**Activity**: Search the material for the string "exact", then report how many lines hold it, with no other text.

Segment Open

Lemma integral_sum_indic (I : finType) (c : I -> R) (B : I -> set T) :
  (forall i, (0 <= c i)%R) -> (forall i, measurable (B i)) ->
  \int[mu]_t (\sum_i c i * \1_(B i) t)%R%:E = \sum_i (c i)%:E * mu (B i).
Proof.
move=> c0 mB; under eq_integral do rewrite -sumEFin.
rewrite ge0_integral_sum //; last 2 first.
- by move=> i; apply/measurable_EFinP/measurable_funM => //; exact: measurable_indic.
- by move=> i t _; rewrite lee_fin mulr_ge0.
apply: eq_bigr => i _; under eq_integral do rewrite EFinM.
rewrite ge0_integralZl_EFin //; last exact/measurable_EFinP/measurable_indic.
by rewrite integral_indic // setIT.
Qed.

End NonnegIntegral.

Section Blocks.
Variables (R : realType) (n : nat) (Xt : Type) (X : 'I_n -> Xt) (A : 'I_n -> bool).
Local Notation sb := (sameblk X).

Lemma sameblk_refl : reflexive sb.
Proof. by move=> i; apply/asboolP. Qed.

Lemma sameblk_sym : symmetric sb.
Proof. by move=> i j; apply/asboolP/asboolP. Qed.

Lemma sameblk_trans : transitive sb.
Proof. by move=> j i k /asboolP eij /asboolP ejk; apply/asboolP; rewrite eij. Qed.

Definition same_pattern (p r : 'I_n * 'I_n) : bool :=
  [&& sb p.1 r.1, sb p.2 r.2 & (p.1 == p.2) == (r.1 == r.2)].

Lemma same_pattern_refl : reflexive same_pattern.
Proof. by move=> p; rewrite /same_pattern !sameblk_refl eqxx. Qed.

Lemma same_pattern_sym : symmetric same_pattern.
Proof. by move=> p r; rewrite /same_pattern sameblk_sym [sb p.2 _]sameblk_sym eq_sym. Qed.

Lemma same_pattern_trans : transitive same_pattern.
Proof.
move=> r p u /and3P[p1 p2 /eqP e1] /and3P[r1 r2 /eqP e2].
by rewrite /same_pattern (sameblk_trans p1 r1) (sameblk_trans p2 r2) e1 e2 eqxx.
Qed.

Definition blk_mass (P : pred 'I_n) (k : 'I_n) : R := \sum_j (sb k j && P j)%:R.

Lemma natr_card_sum (P : pred 'I_n) : #|[set j | P j]|%:R = \sum_j (P j)%:R :> R.
Proof.
rewrite -natr_sum -sum1_card big_mkcond /=; congr _%:R; apply: eq_bigr => j _.
have [Pj|nPj] := boolP (P j); first by rewrite mem_set.
by rewrite memNset //; apply/negP.
Qed.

Segment Closed

**The answer**: 2